Loading [MathJax]/jax/output/HTML-CSS/fonts/TeX/fontdata.js

Journal List > J Rheum Dis > v.27(1) > 1142111

Park, Hyun, and Kim: A Case of Acute Lymphoblastic Leukemia Presenting as Unilateral Sternoclavicular Joint Arthritis and Mass
We report a patient with acute lymphoblastic leukemia of bone and joint, which is very rare, presenting as monoarthritis [1234]. A 57-year-old woman presented with the complaints of right sternoclavicular (SC) joint area pain with swelling, malaise, and intermittent fever lasting for two weeks. She had no past medical history and denied trauma or injection of affected joint. The patient had episodes of fever up to 39.2℃, and mild tachycardia.
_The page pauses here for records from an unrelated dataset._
Lemma card_peel k : #|peel k| <= #|W| - k.
Proof.
elim: k => [|k IH] /=; first by rewrite cardsT subn0.
have [->|[x xk]] := set_0Vmem (peel k); first by rewrite set0D cards0.
have [y ymin] := minr_nonempty tR xk.
have : #|peel k :\: minr R (peel k)| < #|peel k|.
  apply: proper_card; apply/properP; split; first exact: subsetDl.
  by exists y; [exact: subsetP (minr_sub _ _) y ymin | rewrite inE ymin].
by move/leq_trans/(_ IH); rewrite subnS; case: (#|W| - k).
Qed.

Lemma peel_card_eq0 : peel #|W| = set0.
Proof. by apply/eqP; rewrite -cards_eq0 -leqn0 -(subnn #|W|) card_peel. Qed.

Lemma peel_mono n k : n <= k -> peel k \subset peel n.
Proof.
move/subnK <-; elim: (k - n) => [|d IH] //=.
exact: subset_trans (subsetDl _ _) IH.
Qed.

Lemma minr_peel_le i j x y :
  x \in minr R (peel i) -> y \in minr R (peel j) -> R x y = (i <= j).
Proof.
move=> xi yj; apply/idP/idP => [Rxy|le_ij].
  rewrite leqNgt; apply/negP => lt_ji.
  have /setDP[xr x_notj] : x \in peel j.+1.
    exact: (subsetP (peel_mono lt_ji)) (subsetP (minr_sub _ _) x xi).
  have [w wr nRxw] := notin_minr xr x_notj.
  have [_ ymin] := minrP _ _ _ yj.
  by rewrite (tR.2 _ _ _ Rxy (ymin w wr)) in nRxw.
have [_ xmin] := minrP _ _ _ xi; apply: xmin.
exact: (subsetP (peel_mono le_ij)) (subsetP (minr_sub _ _) y yj).
Qed.

End Peel.

Section PostulatesToTeamQueue.
Variables (W : finType) (R1 R2 C : rel W) (S : {set W}).
Hypotheses (tR1 : tpo R1) (tR2 : tpo R2) (tC : tpo C) (sv : Svariants S R1 R2).
Hypothesis SPU : forall x y z,
  strict R1 x y -> strict R2 z y -> strict C x y || strict C z y.
Hypothesis WPU : forall x y z, R1 x y -> R2 z y -> C x y || C z y.

Lemma minr_sub_agents r : minr C r \subset minr R1 r :|: minr R2 r.
Proof.
apply/subsetP => y yC; have [yr ymin] := minrP _ _ _ yC; rewrite inE.
apply: contraT => /norP[/(notin_minr yr)[x xr nR1yx] /(notin_minr yr)[z zr nR2yz]].
have := SPU (tpo_strictN tR1 nR1yx) (tpo_strictN tR2 nR2yz).
by rewrite /strict (ymin x xr) (ymin z zr) !andbF.
Qed.

Lemma minr_agent_sub r y :
  y \in minr C r -> (minr R1 r \subset minr C r) || (minr R2 r \subset minr C r).
Proof.
move=> yC; have [yr _] := minrP _ _ _ yC.
apply: contraT; rewrite negb_or => /andP[/subsetPn[x x1 xC] /subsetPn[z z2 zC]].
have [xr xmin] := minrP _ _ _ x1; have [zr zmin] := minrP _ _ _ z2.
case/orP: (WPU (xmin y yr) (zmin y yr)) => [Cxy|Czy].
  by rewrite (minr_le tC yC xr Cxy) in xC.
by rewrite (minr_le tC yC zr Czy) in zC.
Qed.

Definition tq_agents r : {set 'I_2} :=
  [set j | minr (agent R1 R2 j) r \subset minr C r].

Lemma tq_agents0 r : (ord0 \in tq_agents r) = (minr R1 r \subset minr C r).
Proof. by rewrite inE. Qed.

Lemma tq_agents1 r : (ord_max \in tq_agents r) = (minr R2 r \subset minr C r).
Proof. by rewrite inE. Qed.

Lemma tq_step_agents r : tq_step R1 R2 (tq_agents r) r = minr C r.
Proof.
apply/setP => y; apply/tq_stepP/idP => [[[j1 y1]|[j2 y2]]|yC].
- by move: j1; rewrite tq_agents0 => /subsetP; apply.
- by move: j2; rewrite tq_agents1 => /subsetP; apply.
rewrite tq_agents0 tq_agents1; have sub12 := minr_agent_sub yC.
case/setUP: (subsetP (minr_sub_agents r) y yC) => [y1|y2].
  have [sub1|nsub1] := boolP (minr R1 r \subset minr C r); first by left.
  have /subsetPn[x x1 xC] := nsub1.
  right; split; first by move: sub12; rewrite (negbTE nsub1).
  exact: minr_variant_other tR2 tC sv WPU yC y1 x1 xC.
have [sub2|nsub2] := boolP (minr R2 r \subset minr C r); first by right.
have /subsetPn[x x2 xC] := nsub2.
left; split; first by move: sub12; rewrite (negbTE nsub2) orbF.
have sv' : Svariants S R2 R1 by move=> u v uv; apply: iff_sym; apply: sv.
have WPU' u v w : R2 u v -> R1 w v -> C u v || C w v.
  by rewrite orbC => R2uv R1wv; apply: WPU.
exact: minr_variant_other tR1 tC sv' WPU' yC y2 x2 xC.
Qed.

Lemma tq_agents_neq0 r : tq_agents r != set0.
Proof.
apply/set0Pn; have [->|[x xr]] := set_0Vmem r.
  exists ord0; rewrite tq_agents0; apply/subsetP => u /(subsetP (minr_sub _ _)).
  by rewrite inE.
have [y yC] := minr_nonempty tC xr.
case/orP: (minr_agent_sub yC) => sub.
  by exists ord0; rewrite tq_agents0.
by exists ord_max; rewrite tq_agents1.
Qed.

Lemma tq_agents_setT :
  minr C setT = minr R1 setT :|: minr R2 setT -> tq_agents setT = setT.
Proof.
move=> basic; apply/setP => -[[|[|//]] lt_j2]; rewrite !inE.
- rewrite (_ : Ordinal lt_j2 = ord0) ?tq_agents0 ?basic ?subsetUl //.
  exact: val_inj.
- rewrite (_ : Ordinal lt_j2 = ord_max) ?tq_agents1 ?basic ?subsetUr //.
  exact: val_inj.
Qed.

Definition tq_agents_seq (i : nat) : {set 'I_2} := tq_agents (peel C i.-1).

Lemma tq_rem_agents k : tq_rem R1 R2 tq_agents_seq k = peel C k.
Proof. by elim: k => //= k ->; rewrite /tq_agents_seq /= tq_step_agents. Qed.

Lemma tq_cell_agents i : tq_cell R1 R2 tq_agents_seq i.+1 = minr C (peel C i).
Proof. by rewrite /tq_cell tq_rem_agents tq_step_agents. Qed.

Lemma tq_result_agents : tq_result R1 R2 tq_agents_seq C.
Proof.
have rem_eq0 : exists k, tq_rem R1 R2 tq_agents_seq k == set0.
  by exists #|W|; rewrite tq_rem_agents peel_card_eq0.
case: (ex_minnP rem_eq0) => m /eqP rem_m min_m.
apply: (tq_result_intro rem_m) => [m' lt_m'm|x y [|i] [|j] //= _ _].
  by apply: contraTN lt_m'm => /min_m; rewrite -leqNgt.
by rewrite !tq_cell_agents ltnS; apply: minr_peel_le.
Qed.

End PostulatesToTeamQueue.

Theorem proposition5 (W : finType) (w0 : W)
  (D : rel W -> rel W -> Prop) (comb : rel W -> rel W -> rel W)
  (HD : forall R1 R2, D R1 R2 -> inV R1 R2)
  (Hcomb : combinator D comb) :
  TeamQueue D comb <->
  (basic D comb /\ SPUplus D comb /\ WPUplus D comb).
Proof.
split=> [TQ|[basicD [SPU WPU]] R1 R2 D12].
  split; [|split] => R1 R2 D12; have [tR1 [tR2 _]] := HD _ _ D12;
    have [a [a1 [_ [m [upto_m [_ Cdef]]]]]] := TQ _ _ D12.
  - exact: tq_result_basic tR1 upto_m Cdef a1.
  - exact: tq_result_SPU upto_m Cdef.
  - exact: tq_result_WPU tR1 tR2 upto_m Cdef.
have [tR1 [tR2 [S sv]]] := HD _ _ D12; have tC := Hcomb _ _ D12 tR1 tR2.
have SPU12 := SPU _ _ D12; have WPU12 := WPU _ _ D12.
exists (tq_agents_seq R1 R2 (comb R1 R2)); split; [|split].
- exact: tq_agents_setT (basicD _ _ D12).
- move=> i _; exact: tq_agents_neq0 tC WPU12 _.
- exact: tq_result_agents tR1 tR2 tC sv SPU12 WPU12.
Qed.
On physical examination, localized heat in the right SC joint and a 2×3 cm soft and tender mass around the joint were detected. Laboratory results showed hemoglobin 10.6 g/dL, hematocrit 30.3%, platelets 242,000/mm3, and white blood cell count 5,400/mm3 including absolute neutrophil count 870/µL, segment neutrophil 39.6%, and monocyte 18.9%. Erythrocyte sedimentation rate was 28 mm/hour and C-reactive protein was 6.34 mg/dL. Otherwise, blood laboratory findings and urinalysis were unremarkable. Plain radiography of clavicle and sternum showed no abnormal finding. Magnetic resonance imaging demonstrated focal cortical disruption at anteromedial aspect of right distal clavicle, decreased bone marrow signal intensity on T1 image, and right SC joint arthritis, which suggested septic arthritis with osteomyelitis or malignancy (Figure 1A~C, arrows). Bone biopsy of right distal clavicle revealed increased atypical cell infiltration with necrosis, which was consistent with leukemic infiltration (Figure 2A; H&E stain, ×400, arrows). The bone marrow biopsy showed nearly packed marrow with myelofibrosis (Figure 2B; H&E stain, ×400, arrowheads). On aspirate smears, blasts were present in up to 87.8% of all marrow nucleated cells. They were small to large-sized with round nuclei, dispersed chromatin and inconspicuous nucleoli. Normal erythroid and myeloid elements were markedly suppressed. Cytochemical stain on aspiration and biopsy demonstrated negative MPO and PAS and positive CD 34 and CD 20. All findings suggested B-lymphoblastic leukemia with chloroma of right distal clavicle and SC joint. This case indicates that malignancy should also be considered in evaluation of monoarthritis, and that chloroma of bone can precede the onset of acute lymphoblastic leukemia.

Figures and Tables

jrd-27-73-g001
Figure 1

Magnetic resonance imaging demonstrated focal cortical disruption at anterior mid aspect of right distal clavicle and decreased bone marrow signal intensity on T1 image, and right sternoclavicular joint arthritis, which suggested septic arthritis with osteomyelitis or malignancy (A~C, arrows).

Download Figure

jrd-27-73-g002
Figure 2

Bone biopsy of right distal clavicle revealed increased atypical cell infiltration with necrosis, which was consistent with leukemic infiltration (A, H&E stain, ×400, arrows). The bone marrow biopsy showed nearly packed marrow with myelofibrosis (B, H&E stain, ×400, arrowheads).

Download Figure

ACKNOWLEDGMENTS

This work has supported by the 2019 education, research and student guidance grant funded by Jeju National University.

Notes

CONFLICT OF INTEREST No potential conflict of interest relevant to this article was reported.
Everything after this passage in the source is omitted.